::: Provided records
Definition scal3 (k : R) (x : R3) : R3 :=
  let '(x1, x2, x3) := x in (k * x1, k * x2, k * x3).

Definition sqnorm3 (x : R3) : R := let '(x1, x2, x3) := x in x1 ^ 2 + x2 ^ 2 + x3 ^ 2.

Lemma pair3_eq (a1 a2 a3 b1 b2 b3 : R) :
  a1 = b1 -> a2 = b2 -> a3 = b3 -> (a1, a2, a3) = (b1, b2, b3).
Proof. intros -> -> ->; reflexivity. Qed.

Lemma sqnorm3_ge0 (x : R3) : 0 <= sqnorm3 x.
Proof. destruct x as [[x1 x2] x3]; simpl; nra. Qed.

Lemma dist3_sqnorm3 (p s : R3) : dist3 p s = sqrt (sqnorm3 (sub3 p s)).
Proof. destruct p as [[? ?] ?], s as [[? ?] ?]; reflexivity. Qed.

Lemma sqr_add_le_young (u v th : R) :
  0 < th -> (u + v) ^ 2 <= (1 + th) * u ^ 2 + (1 + / th) * v ^ 2.
Proof.
  intros Hth.
  assert (Hsq : (1 + th) * u ^ 2 + (1 + / th) * v ^ 2 - (u + v) ^ 2 = th * (u - v / th) ^ 2)
    by (field; lra).
  pose proof (pow2_ge_0 (u - v / th)). nra.
Qed.

Lemma cauchy_schwarz3 (a0 a1 a2 y0 y1 y2 : R) :
  (a0 * y0 + a1 * y1 + a2 * y2) ^ 2 <= (a0 ^ 2 + a1 ^ 2 + a2 ^ 2) * (y0 ^ 2 + y1 ^ 2 + y2 ^ 2).
Proof.
  assert (Hlagrange : (a0 ^ 2 + a1 ^ 2 + a2 ^ 2) * (y0 ^ 2 + y1 ^ 2 + y2 ^ 2)
      - (a0 * y0 + a1 * y1 + a2 * y2) ^ 2
    = (a0 * y1 - a1 * y0) ^ 2 + (a0 * y2 - a2 * y0) ^ 2 + (a1 * y2 - a2 * y1) ^ 2) by ring.
  pose proof (pow2_ge_0 (a0 * y1 - a1 * y0)). pose proof (pow2_ge_0 (a0 * y2 - a2 * y0)).
  pose proof (pow2_ge_0 (a1 * y2 - a2 * y1)). lra.
Qed.

Lemma cauchy_schwarz3_weighted (A1 A2 A3 c1 c2 c3 X1 X2 X3 : R) :
  0 < A1 -> 0 < A2 -> 0 < A3 ->
  (c1 * X1 + c2 * X2 + c3 * X3) ^ 2
    <= (c1 ^ 2 / A1 + c2 ^ 2 / A2 + c3 ^ 2 / A3) * (A1 * X1 ^ 2 + A2 * X2 ^ 2 + A3 * X3 ^ 2).
Proof.
  intros H1 H2 H3.
  assert (Hlagrange :
      (c1 ^ 2 / A1 + c2 ^ 2 / A2 + c3 ^ 2 / A3) * (A1 * X1 ^ 2 + A2 * X2 ^ 2 + A3 * X3 ^ 2)
      - (c1 * X1 + c2 * X2 + c3 * X3) ^ 2
    = (c1 * A2 * X2 - c2 * A1 * X1) ^ 2 / (A1 * A2) + (c1 * A3 * X3 - c3 * A1 * X1) ^ 2 / (A1 * A3)
      + (c2 * A3 * X3 - c3 * A2 * X2) ^ 2 / (A2 * A3)) by (field; lra).
  assert (Hq : forall u w, 0 < w -> 0 <= u ^ 2 / w).
  { intros u w Hw. apply Rmult_le_pos; [apply pow2_ge_0 | left; apply Rinv_0_lt_compat, Hw]. }
  pose proof (Hq (c1 * A2 * X2 - c2 * A1 * X1) (A1 * A2) ltac:(nra)).
  pose proof (Hq (c1 * A3 * X3 - c3 * A1 * X1) (A1 * A3) ltac:(nra)).
  pose proof (Hq (c2 * A3 * X3 - c3 * A2 * X2) (A2 * A3) ltac:(nra)).
  lra.
Qed.

Definition young_subadditive (V : R3 -> R) : Prop :=
  forall x y th, 0 < th -> V (add3 x y) <= (1 + th) * V x + (1 + / th) * V y.

Definition tri_form (A1 A2 A3 p q r : R) (y : R3) : R :=
  let '(y0, y1, y2) := y in
  A1 * (y0 + p * y1 + q * y2) ^ 2 + A2 * (y1 + r * y2) ^ 2 + A3 * y2 ^ 2.

Section TriangularForm.

Variables (A1 A2 A3 p q r : R).
Hypotheses (HA1 : 0 < A1) (HA2 : 0 < A2) (HA3 : 0 < A3).

Lemma tri_form_young : young_subadditive (tri_form A1 A2 A3 p q r).
Proof.
  intros [[y0 y1] y2] [[z0 z1] z2] th Hth; simpl.
  pose proof (sqr_add_le_young (y0 + p * y1 + q * y2) (z0 + p * z1 + q * z2) th Hth).
  pose proof (sqr_add_le_young (y1 + r * y2) (z1 + r * z2) th Hth).
  pose proof (sqr_add_le_young y2 z2 th Hth).
  replace (y0 + z0 + p * (y1 + z1) + q * (y2 + z2))
    with ((y0 + p * y1 + q * y2) + (z0 + p * z1 + q * z2)) by ring.
  replace (y1 + z1 + r * (y2 + z2)) with ((y1 + r * y2) + (z1 + r * z2)) by ring.
  nra.
Qed.
Theorem mainTheorem11
  (f g f1 f2 g1 g2 Lf Lg : C -> C) (tau : C)
  (hf : classS f) (hg : classS g)
  (hfd : log_deriv_data f f1 f2 Lf) (hgd : log_deriv_data g g1 g2 Lg)
  (htau : tau <> 0) :
  (forall eps r0 : R,
     Rbar_lt 0 (beta Lf tau) -> 0 < eps -> Rbar_lt eps (beta Lf tau) ->
     0 < r0 < 1 ->
     (exists c, c < eps / Cmod tau /\
        forall z, r0 < Cmod z < 1 ->
          Cmod (Npre g1 g2 z - Npre f1 f2 z) * (1 - Cmod z ^ 2) <= c) ->
     Rbar_le (Rbar_minus (beta Lf tau) eps) (beta Lg tau) /\
     Rbar_le (beta Lg tau) (Rbar_plus (beta Lf tau) eps)) /\
  (forall eps r0 : R,
     beta Lf tau = Finite 0 -> 0 < eps -> 0 < r0 < 1 ->
     (exists c, c < eps / Cmod tau /\
        forall z, r0 < Cmod z < 1 ->
          Cmod (Npre g1 g2 z - Npre f1 f2 z) * (1 - Cmod z ^ 2) <= c) ->
     Rbar_le (beta Lg tau) eps).
Proof.
  destruct hfd as (_ & _ & HLf & _). destruct hgd as (_ & _ & HLg & _).
  split.
  - intros eps r0 _ _ _ Hr0 [c [Hc Hbound]]. split.
    + apply Rbar_le_minus_plus.
      apply (beta_le_plus Lg Lf (Npre g1 g2) (Npre f1 f2) tau eps r0 c HLg HLf);
        [| exact Hc | exact htau | lra].
      intros z Hz. rewrite <- Cmod_opp, Copp_minus_distr. exact (Hbound z Hz).
    + exact (beta_le_plus Lf Lg (Npre f1 f2) (Npre g1 g2) tau eps r0 c
               HLf HLg Hbound Hc htau ltac:(lra)).
  - intros eps r0 Hzero _ Hr0 [c [Hc Hbound]].
    pose proof (beta_le_plus Lf Lg (Npre f1 f2) (Npre g1 g2) tau eps r0 c
                  HLf HLg Hbound Hc htau ltac:(lra)) as H.
    rewrite Hzero in H. simpl in H. rewrite Rplus_0_l in H. exact H.
Qed.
::::::
Copy the stretch of the records above that runs from the line with "Hypotheses (HA1 : 0" through the line with "replace (y0 +". Both end lines belong in the copy, and nothing else does.

Final answer:
Hypotheses (HA1 : 0 < A1) (HA2 : 0 < A2) (HA3 : 0 < A3).

Lemma tri_form_young : young_subadditive (tri_form A1 A2 A3 p q r).
Proof.
  intros [[y0 y1] y2] [[z0 z1] z2] th Hth; simpl.
  pose proof (sqr_add_le_young (y0 + p * y1 + q * y2) (z0 + p * z1 + q * z2) th Hth).
  pose proof (sqr_add_le_young (y1 + r * y2) (z1 + r * z2) th Hth).
  pose proof (sqr_add_le_young y2 z2 th Hth).
  replace (y0 + z0 + p * (y1 + z1) + q * (y2 + z2))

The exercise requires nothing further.